State v. Marcks

CourtUnited States State Supreme Court of Missouri
Citation41 S.W. 973,140 Mo. 656
PartiesSTATE v. MARCKS.
Decision Date06 July 1897

1. Defendant and prosecutrix were in a kitchen, while her sister, who was his wife, was in a room across a hall. Prosecutrix was 16 years old, small of her age, and wore short dresses. She testified that while permitting him to play and wrestle with her, he seized her so unexpectedly that he had her under his power, and forcibly ravished her; that she screamed, and resisted with all her might, and never consented. She did not tell her sister, who entered soon after the occurrence, but told her mother a week thereafter. Defendant admitted intercourse, but denied the use of force.

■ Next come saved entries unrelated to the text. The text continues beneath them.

(* In an interval-closed set, the row intervals have non-increasing
   endpoints: if u <= v' the box between (i, u) and (j, v') lies in I,
   otherwise v' < u already settles both inequalities. *)
Lemma rows_decrease I (i j : 'I_m) (u v u' v' : 'I_q.+1) :
    interval_closed I -> i <= j -> u <= v -> u' <= v' ->
    row_is I i u v -> row_is I j u' v' ->
  u' <= u /\ v' <= v.
Proof.
move=> /interval_closedP IC ij uv uv' Ri Rj.
case: (leqP u v') => [uv''|]; last by lia.
have Iiu : (i, u) \in I by rewrite Ri leqnn uv.
have Ijv : (j, v') \in I by rewrite Rj leqnn uv'.
have : (i, v') \in I by apply: IC Iiu Ijv _ _; rewrite /le2 /= ?leqnn ?uv'' ?ij.
have : (j, u) \in I by apply: IC Iiu Ijv _ _; rewrite /le2 /= ?leqnn ?uv'' ?ij.
by rewrite Ri Rj; lia.
Qed.

Lemma interval_set_onto I : interval_closed I -> full_rows I ->
  exists2 f, staircase q f & interval_set f = I.
Proof.
move=> IC /forallP full.
have rows a : exists p : 'I_q.+1 * 'I_q.+1, p.1 <= p.2 /\ row_is I a p.1 p.2.
  have /existsP[b0 Ib0] := full a.
  by have [u [v uvR]] := row_interval IC Ib0; exists (u, v).
have [r Hr] := fin_all_exists rows.
exists [ffun a => ((r a).1 : nat, (r a).2 : nat)].
  split=> [a|i j ij]; rewrite !ffunE /=.
    by have [-> _] := Hr a; rewrite /= -ltnS ltn_ord.
  have [uv Ri] := Hr i; have [uv' Rj] := Hr j.
  exact: rows_decrease IC ij uv uv' Ri Rj.
apply/setP => -[a b]; rewrite inE ffunE /=.
by have [_ ->] := Hr a.
Qed.

Lemma card_interval_closed_full :
  #|[set I : {set 'I_m * 'I_q.+1} | interval_closed I && full_rows I]| = nchains m q q.
Proof.
apply: (card_staircase_code (code := interval_set)) => [f Sf | | I].
- by rewrite inE interval_set_full.
- exact: interval_set_inj.
- by rewrite inE => /andP[IC full]; exact: interval_set_onto.
Qed.

End IntervalClosedSets.

Lemma prefix_eq k w w' :
  w <= k -> w' <= k -> (forall b : 'I_k, (b < w) = (b < w')) -> w = w'.
Proof.
move=> wk wk' E; apply/eqP; rewrite eqn_leq; apply/andP; split; rewrite leqNgt;
  apply/negP => lt.
- by have := E (Ordinal (leq_trans lt wk)); rewrite /= lt ltnn.
- by have := E (Ordinal (leq_trans lt wk')); rewrite /= lt ltnn.
Qed.
(* Let $n\le k$ be positive integers and let $\mathcal{A},\mathcal{B}$ be $I$-structures. There is a homomorphism $f:\mathbb{H}_{n,k}\mathcal{A}\to\mathcal{B}$ if and only if Duplicator has a winning strategy in the game $+\mathrm{Fun}^{k}_{n}(\mathcal{A},\mathcal{B})$.
   Context: Structures are over a finite relational signature $\sigma\cup\{I\}$ with $I$ binary; an $I$-structure is one interpreting $I$ as the identity relation. For $m\in\mathbb{N}$, $[m]=\{1,\dots,m\}$. For a structure $\mathcal{A}$, $\mathbb{T}_k\mathcal{A}$ has universe the nonempty finite lists over $A\times[k]$; $\epsilon_{\mathcal{A}}(s)$ is the first component of the last pair of $s$; a tuple $(s_1,\dots,s_r)$ is in a relation $R^{\mathbb{T}_k\mathcal{A}}$ iff the $s_i$ are pairwise prefix-comparable, $(\epsilon_{\mathcal{A}}(s_1),\dots,\epsilon_{\mathcal{A}}(s_r))\in R^{\mathcal{A}}$, and whenever $s_i$ is a prefix of $s_j$ ending with $(a,p)$, no prefix of $s_j$ properly extending $s_i$ ends with a pair $(a',p)$. A list over $A\times[k]$ is basic if it has at most $n$ pairs with distinct pebble indices; $S_n(s)=[s]$ if $s$ is basic, else $S_n(s)=[a];S_n(t)$ with $s=a\cdot t$ and $a$ the longest basic prefix. For $p\in[k]$ and $S_n(s)=t;[s']$ ($s'$ the last block), $\alpha_n(s,p)=t;[s']$ if $|s'|=n$ or $p$ occurs in $s'$, else $t$. $[s;(a,i)]\approx_n[t;(b,j)]$ iff $a=b$ and $\alpha_n(s,i)=\alpha_n(t,j)$. $\mathbb{H}_{n,k}\mathcal{A}=\mathbb{T}_k\mathcal{A}/{\approx_n}$, where a tuple of classes is in a relation iff some choice of representatives is in it in $\mathbb{T}_k\mathcal{A}$. The game $+\mathrm{Fun}^{k}_{n}(\mathcal{A},\mathcal{B})$: positions are partial maps $\pi^a:[k]\rightharpoonup A$, $\pi^b:[k]\rightharpoonup B$, initially empty. Each round Duplicator provides a function $h:A\to B$ with $h(\pi^a(i))=\pi^b(i)$ for all $i$ in the domain of $\pi^a$; Spoiler picks $m\le n$ distinct indices $p_1,\dots,p_m\in[k]$ and elements $a_1,\dots,a_m\in A$; the position is updated by $\pi^a(p_l)=a_l$, $\pi^b(p_l)=h(a_l)$, other values unchanged. Spoiler wins if for some relation symbol $R$ of arity $r$ and indices $i_1,\dots,i_r$, $(\pi^a(i_1),\dots,\pi^a(i_r))\in R^{\mathcal{A}}$ but $(\pi^b(i_1),\dots,\pi^b(i_r))\notin R^{\mathcal{B}}$. Duplicator wins by playing forever without Spoiler winning. *)

From mathcomp Require Import all_boot.
Set Implicit Arguments. Unset Strict Implicit. Unset Printing Implicit Defensive.

(* A finite relational signature sigma; the full signature is sigma + {I},
   encoded as [option (sym S)] with [None] the binary symbol I. *)
Record signature := Signature { sym : finType; arity : sym -> nat }.

Definition fsym (S : signature) : Type := option (sym S).
Definition far (S : signature) (s : fsym S) : nat :=
  match s with Some s' => arity s' | None => 2 end.

Record structure (S : signature) := Structure {
  car :> Type;
  rel : forall s : fsym S, ('I_(far s) -> car) -> Prop }.

Definition is_I_structure (S : signature) (M : structure S) : Prop :=
  forall x : 'I_2 -> M, @rel S M (None : fsym S) x <-> x ord0 = x ord_max.

Definition hom (S : signature) (M N : structure S) (f : M -> N) : Prop :=
  forall (s : fsym S) (x : 'I_(far s) -> M), @rel S M s x -> @rel S N s (fun i => f (x i)).

(* Pebble indices [k] = {1..k} are represented by 'I_k = {0..k-1}.
   A nonempty list over A x [k] is represented as a pair (s, c) standing for
   the list s ++ [c] (= rcons s c); this is a bijection with nonempty lists. *)
Definition Tk (A : Type) (k : nat) : Type := (seq (A * 'I_k) * (A * 'I_k))%type.
Definition tlist (A : Type) k (u : Tk A k) : seq (A * 'I_k) := rcons u.1 u.2.
Definition eps (A : Type) k (u : Tk A k) : A := u.2.1.

Definition prefix (T : Type) (s t : seq T) : Prop := exists w, t = s ++ w.

Definition Trel (S : signature) (M : structure S) (k : nat) (s : fsym S)
    (x : 'I_(far s) -> Tk M k) : Prop :=
  (forall i j, prefix (tlist (x i)) (tlist (x j)) \/ prefix (tlist (x j)) (tlist (x i))) /\
  @rel S M s (fun i => eps (x i)) /\
  (forall i j, prefix (tlist (x i)) (tlist (x j)) ->
     forall (t : seq (M * 'I_k)) (c : M * 'I_k),
       prefix (tlist (x i)) (rcons t c) ->
       size (tlist (x i)) < size (rcons t c) ->
       prefix (rcons t c) (tlist (x j)) ->
       c.2 <> (x i).2.2).

Definition TkS (S : signature) (M : structure S) (k : nat) : structure S :=
  @Structure S (Tk M k) (@Trel S M k).

Definition basic (A : Type) k (n : nat) (s : seq (A * 'I_k)) : bool :=
  (size s <= n) && uniq (map snd s).

Definition lbp (A : Type) k (n : nat) (s : seq (A * 'I_k)) : nat :=
  \max_(m < (size s).+1 | basic n (take m s)) m.

(* S_n computed with fuel; fuel = size s suffices when n > 0 *)
Fixpoint Sn_fuel (A : Type) k (n fuel : nat) (s : seq (A * 'I_k)) : seq (seq (A * 'I_k)) :=
  match fuel with
  | 0 => [:: s]
  | f.+1 => if basic n s then [:: s]
            else take (lbp n s) s :: Sn_fuel n f (drop (lbp n s) s)
  end.

Definition Sn (A : Type) k (n : nat) (s : seq (A * 'I_k)) : seq (seq (A * 'I_k)) :=
  Sn_fuel n (size s) s.

Definition alpha (A : Type) k (n : nat) (s : seq (A * 'I_k)) (p : 'I_k)
    : seq (seq (A * 'I_k)) :=
  let B := Sn n s in
  let s' := last [::] B in
  let t := take (size B).-1 B in
  if (size s' == n) || (p \in map snd s') then B else t.

Definition approx (A : Type) k (n : nat) (u v : Tk A k) : Prop :=
  u.2.1 = v.2.1 /\ alpha n u.1 u.2.2 = alpha n v.1 v.2.2.

Definition Hcar (S : signature) (M : structure S) (n k : nat) : Type :=
  {X : Tk M k -> Prop | exists u, X = approx n u}.

Definition Hrel (S : signature) (M : structure S) (n k : nat) (s : fsym S)
    (X : 'I_(far s) -> Hcar M n k) : Prop :=
  exists x : 'I_(far s) -> Tk M k, (forall i, sval (X i) (x i)) /\ @Trel S M k s x.

Definition HS (S : signature) (M : structure S) (n k : nat) : structure S :=
  @Structure S (Hcar M n k) (@Hrel S M n k).

Definition position (A B : Type) (k : nat) : Type :=
  (('I_k -> option A) * ('I_k -> option B))%type.

Definition init_pos (A B : Type) k : position A B k := (fun _ => None, fun _ => None).

Definition smove (A : Type) (k : nat) : Type := seq ('I_k * A).

Definition legal (A : Type) k (n : nat) (mv : smove A k) : bool :=
  (size mv <= n) && uniq (map fst mv).

Definition lookup (A : Type) k (mv : smove A k) (p : 'I_k) : option A :=
  ohead [seq x.2 | x <- mv & x.1 == p].

Definition update (A B : Type) k (h : A -> B) (mv : smove A k) (P : position A B k)
    : position A B k :=
  (fun p => if lookup mv p is Some a then Some a else P.1 p,
   fun p => if lookup mv p is Some a then Some (h a) else P.2 p).

(* A Duplicator strategy maps the history of Spoiler moves so far
   (most recent first) to the function h she provides next. *)
Definition strategy (A B : Type) (k : nat) : Type := seq (smove A k) -> (A -> B).

Fixpoint pos (A B : Type) k (sg : strategy A B k) (hist : seq (smove A k)) : position A B k :=
  match hist with
  | [::] => init_pos A B k
  | mv :: h => update (sg h) mv (pos sg h)
  end.

Definition consistent (A B : Type) k (h : A -> B) (P : position A B k) : Prop :=
  forall i a, P.1 i = Some a -> P.2 i = Some (h a).

Definition spoiler_wins (S : signature) (M N : structure S) k (P : position M N k) : Prop :=
  exists (s : fsym S) (idx : 'I_(far s) -> 'I_k) (xa : 'I_(far s) -> M) (xb : 'I_(far s) -> N),
    (forall j, P.1 (idx j) = Some (xa j)) /\ (forall j, P.2 (idx j) = Some (xb j)) /\
    @rel S M s xa /\ ~ @rel S N s xb.

Definition winning (S : signature) (M N : structure S) (n k : nat) (sg : strategy M N k) : Prop :=
  forall hist : seq (smove M k), all (legal n) hist ->
    consistent (sg hist) (pos sg hist) /\ ~ spoiler_wins (pos sg hist).

Definition duplicator_wins (S : signature) (M N : structure S) (n k : nat) : Prop :=
  exists sg : strategy M N k, winning n sg.

From Pilot Require Import Defs.
From mathcomp Require Import all_boot zify.
From Stdlib Require Import Classical ClassicalEpsilon FunctionalExtensionality ProofIrrelevance.
Set Implicit Arguments. Unset Strict Implicit. Unset Printing Implicit Defensive.

(* A play of +Fun^k_n is read as a word of [T_k A] cut into blocks of at most [n]
   pairs with distinct pebble indices, the blocks of [S_n].

   If Duplicator wins with [sg], send [u] to the answer of [sg] on [eps u] after
   the blocks [alpha_n u] have been played. For a related tuple, let Spoiler play
   the blocks of its longest word: each element then ends a prefix after which its
   pebble is not reused, so the pebbles lie on the tuple in [A] and on its image
   in [B], which is related since [sg] wins. This map factors through [~_n].

   Conversely, let [F] be a homomorphism on [T_k A] constant on [~_n]-classes.
   Duplicator records each round that moves some pebble as one full block (padded
   with other pebble indices, as [n <= k]) and answers [a] by the image under [F]
   of the recorded word extended by [(a, p)]: after full blocks [alpha_n] does not
   depend on [p], and the relation [I] in both structures makes this answer agree
   with the images of pebbles already on [a]. Every pebble then ends a prefix of
   the recorded word after which it is not reused, and lies on the image of that
   prefix, so Spoiler cannot win as [F] is a homomorphism. *)

Section Prefix.
Variable T : Type.
Implicit Types s t w : seq T.

Lemma list_prefixP s w : Defs.prefix s w <-> take (size s) w = s.
Proof.
split; first by case=> x ->; rewrite take_size_cat.
by move=> E; exists (drop (size s) w); rewrite -{1}(cat_take_drop (size s) w) E.
Qed.

Lemma list_prefix_refl s : Defs.prefix s s.
Proof. by exists [::]; rewrite cats0. Qed.

Lemma list_prefix_trans s t w : Defs.prefix s t -> Defs.prefix t w -> Defs.prefix s w.
Proof. by case=> x -> [y ->]; exists (x ++ y); rewrite catA. Qed.

Lemma list_prefix_total s t w :
  Defs.prefix s w -> Defs.prefix t w -> Defs.prefix s t \/ Defs.prefix t s.
Proof.
move=> /list_prefixP Es /list_prefixP Et.
wlog le_st : s t Es Et / size s <= size t.
  move=> wlog_le; case: (leqP (size s) (size t)) => le; first exact: wlog_le.
  by rewrite or_comm; apply: wlog_le => //; apply: ltnW.
by left; apply/list_prefixP; rewrite -Et take_takel // -Es.
Qed.

End Prefix.

Lemma notin_map_snd (T : Type) (I : eqType) (r : seq (T * I)) p :
  (p \notin map snd r) = all (fun y => y.2 != p) r.
Proof. by rewrite -has_pred1 has_map -all_predC. Qed.

Lemma map_pair_split (T : Type) (I : eqType) (f : I -> T) (Q : seq I) i :
  i \in Q -> exists c d, [seq (f q, q) | q <- Q] = c ++ (f i, i) :: d.
Proof. by case/splitPr=> Q1 Q2; rewrite map_cat; do 2!eexists. Qed.

Lemma flatten_split (T : Type) (bs : seq (seq T)) s y r :
  flatten bs = s ++ y :: r ->
  exists bs1 c d bs2, bs = bs1 ++ (c ++ y :: d) :: bs2 /\ flatten bs1 ++ c = s.
Proof.
elim: bs s => [|b bs IH] s /=; first by case: s.
case: (ltnP (size s) (size b)) => [lt_sb|le_bs] E.
  exists [::], s, (take (size b - (size s).+1) r), bs; split => //=.
  have := f_equal (take (size b)) E; rewrite take_size_cat // => {1}->.
  by rewrite take_cat ltnNge (ltnW lt_sb) /= -(subnSK lt_sb).
have Es : s = b ++ drop (size b) s.
  rewrite -{1}(cat_take_drop (size b) s); congr (_ ++ _).
  by rewrite -(@takel_cat (size b) _ s (y :: r) le_bs) -E take_size_cat.
have /IH[bs1 [c [d [bs2 [-> Ec]]]]] : flatten bs = drop (size b) s ++ y :: r.
  by have := f_equal (drop (size b)) E; rewrite drop_size_cat // {1}Es -catA drop_size_cat.
by exists (b :: bs1), c, d, bs2; split => //=; rewrite -catA Ec -Es.
Qed.
(* Let $H:\Sigma\to\mathbb R$ be continuous with summable variation. \begin{enumerate} \item For every $x\in\mathrm{Mather}(H)$, the function $h(x,\cdot)$ belongs to $\mathbb K$ and is a calibrated sub-action. \item If $V\in C^0(\Sigma)$ is a calibrated sub-action, then $V\in\mathbb K$ and $V(y)=\min\{V(x)+h(x,y): x\in\mathrm{Mather}(H)\}$ for all $y\in\Sigma$. \end{enumerate}
   Context: $\Sigma:=\{0,1\}^{\mathbb N}$, $\sigma$ the left shift; $x\stackrel{n}{=}y$ means $x_j=y_j$ for $0\le j\le n-1$; $\mathrm{var}(f,n):=\sup\{|f(x)-f(y)|:x\stackrel{n}{=}y\}$; summable variation: $\sum_n\mathrm{var}(H,n)<\infty$. $\mathbb K:=\{V\in C^0(\Sigma):\forall n\ge1,\ \mathrm{var}(V,n)\le\sum_{k\ge n+1}\mathrm{var}(H,k)\}$. A minimizing measure is a $\sigma$-invariant probability minimizing $\int H\,d\nu$ over $\sigma$-invariant probabilities; $\bar H$ is the minimal value; $\mathrm{Mather}(H)$ is the union of supports of minimizing measures. Lax–Oleinik operator $T[V](y):=\min\{V(x)+H(x):\sigma(x)=y\}$; calibrated sub-action: continuous $V$ with $T[V]=V+\bar H$. Peierls barrier: $h(x,y):=\lim_{p\to\infty}\lim_{n\to\infty}S_n^p(x,y)$, $S_n^p(x,y):=\inf\{\sum_{i=0}^{k-1}[H(\sigma^iz)-\bar H]:k\ge n,\ z\stackrel{p}{=}x,\ \sigma^k(z)\stackrel{p}{=}y\}$. *)

From Stdlib Require Import Reals Lra Lia List.
Import ListNotations.
Open Scope R_scope.

Definition Sigma := nat -> bool.

Definition shift (x : Sigma) : Sigma := fun j => x (S j).
Definition shiftn (k : nat) (x : Sigma) : Sigma := fun j => x (k + j)%nat.

Definition agree (n : nat) (x y : Sigma) : Prop :=
  forall j, (j < n)%nat -> x j = y j.

(** continuity for the product topology (cylinders = balls) *)
Definition continuous_S (f : Sigma -> R) : Prop :=
  forall x eps, 0 < eps -> exists n, forall y, agree n x y -> Rabs (f x - f y) < eps.

Definition var_is (f : Sigma -> R) (n : nat) (v : R) : Prop :=
  is_lub (fun r => exists x y, agree n x y /\ r = Rabs (f x - f y)) v.

Definition summable_variation (H : Sigma -> R) : Prop :=
  exists (v : nat -> R) (l : R),
    (forall n, var_is H n (v n)) /\ Un_cv (fun N => sum_f_R0 v N) l.

(** The set K: V continuous and for n >= 1,
    var(V,n) <= sum_{k >= n+1} var(H,k) = l - sum_{k=0}^{n} var(H,k). *)
Definition in_K (H : Sigma -> R) (V : Sigma -> R) : Prop :=
  continuous_S V /\
  forall (v : nat -> R) (l : R),
    (forall n, var_is H n (v n)) -> Un_cv (fun N => sum_f_R0 v N) l ->
    forall n, (1 <= n)%nat ->
      forall x y, agree n x y -> Rabs (V x - V y) <= l - sum_f_R0 v n.

(** Borel probability measures on Sigma, represented (Kolmogorov/Caratheodory)
    by their values on cylinders [w], w a finite word. *)
Definition prob_measure (mu : list bool -> R) : Prop :=
  (forall w, 0 <= mu w) /\ mu [] = 1 /\
  (forall w, mu w = mu (w ++ [false]) + mu (w ++ [true])).

(** sigma-invariance: mu(sigma^{-1}[w]) = mu([0w]) + mu([1w]) = mu([w]) *)
Definition invariant (mu : list bool -> R) : Prop :=
  forall w, mu w = mu (false :: w) + mu (true :: w).

Definition inv_prob (mu : list bool -> R) : Prop := prob_measure mu /\ invariant mu.

Fixpoint words (n : nat) : list (list bool) :=
  match n with
  | O => [ [] ]
  | S m => flat_map (fun w => [w ++ [false]; w ++ [true]]) (words m)
  end.

Definition ext (w : list bool) : Sigma := fun j => nth j w false.

Definition riemann_sum (mu : list bool -> R) (f : Sigma -> R) (n : nat) : R :=
  fold_right Rplus 0 (map (fun w => mu w * f (ext w)) (words n)).

(** I = int f dmu (for continuous f) *)
Definition integral_is (mu : list bool -> R) (f : Sigma -> R) (I : R) : Prop :=
  Un_cv (riemann_sum mu f) I.

Definition is_inf (E : R -> Prop) (m : R) : Prop :=
  (forall r, E r -> m <= r) /\ (forall b, (forall r, E r -> b <= r) -> b <= m).

Definition Hbar_is (H : Sigma -> R) (Hbar : R) : Prop :=
  is_inf (fun I => exists mu, inv_prob mu /\ integral_is mu H I) Hbar.

Definition minimizing (H : Sigma -> R) (Hbar : R) (mu : list bool -> R) : Prop :=
  inv_prob mu /\ integral_is mu H Hbar.

Definition prefix (n : nat) (x : Sigma) : list bool := map x (seq 0 n).

Definition in_support (mu : list bool -> R) (x : Sigma) : Prop :=
  forall n, 0 < mu (prefix n x).

Definition Mather (H : Sigma -> R) (Hbar : R) (x : Sigma) : Prop :=
  exists mu, minimizing H Hbar mu /\ in_support mu x.

(** calibrated sub-action: T[V] = V + Hbar, T[V](y) = min{V x + H x : sigma x = y} *)
Definition calibrated (H : Sigma -> R) (Hbar : R) (V : Sigma -> R) : Prop :=
  continuous_S V /\
  forall y,
    (forall x, shift x = y -> V y + Hbar <= V x + H x) /\
    (exists x, shift x = y /\ V x + H x = V y + Hbar).

Fixpoint birkhoff (H : Sigma -> R) (Hbar : R) (z : Sigma) (k : nat) : R :=
  match k with
  | O => 0
  | S m => birkhoff H Hbar z m + (H (shiftn m z) - Hbar)
  end.

Definition S_is (H : Sigma -> R) (Hbar : R) (n p : nat) (x y : Sigma) (s : R) : Prop :=
  is_inf (fun r => exists k z, (n <= k)%nat /\ agree p z x /\ agree p (shiftn k z) y
                               /\ r = birkhoff H Hbar z k) s.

Held sufficient to sustain a conviction of rape, though the delay in complaining was unexplained.

2. Though defendant testifies, and denies a rape, he may be convicted thereof on the uncorroborated evidence of prosecutrix.

3. It was not reversible error to show that five weeks after an alleged rape defendant had the same gonorrheal disease that prosecutrix had one or two weeks after the commission of the offense, where defendant admitted sexual intercourse at the time it was charged he committed rape.

4. It is not error to refuse to exclude evidence that has been admitted without exception.

Burgess and Sherwood, JJ., dissenting.

In banc. Appeal from St. Louis criminal court.

Charles Marcks appeals from a conviction of rape. Affirmed.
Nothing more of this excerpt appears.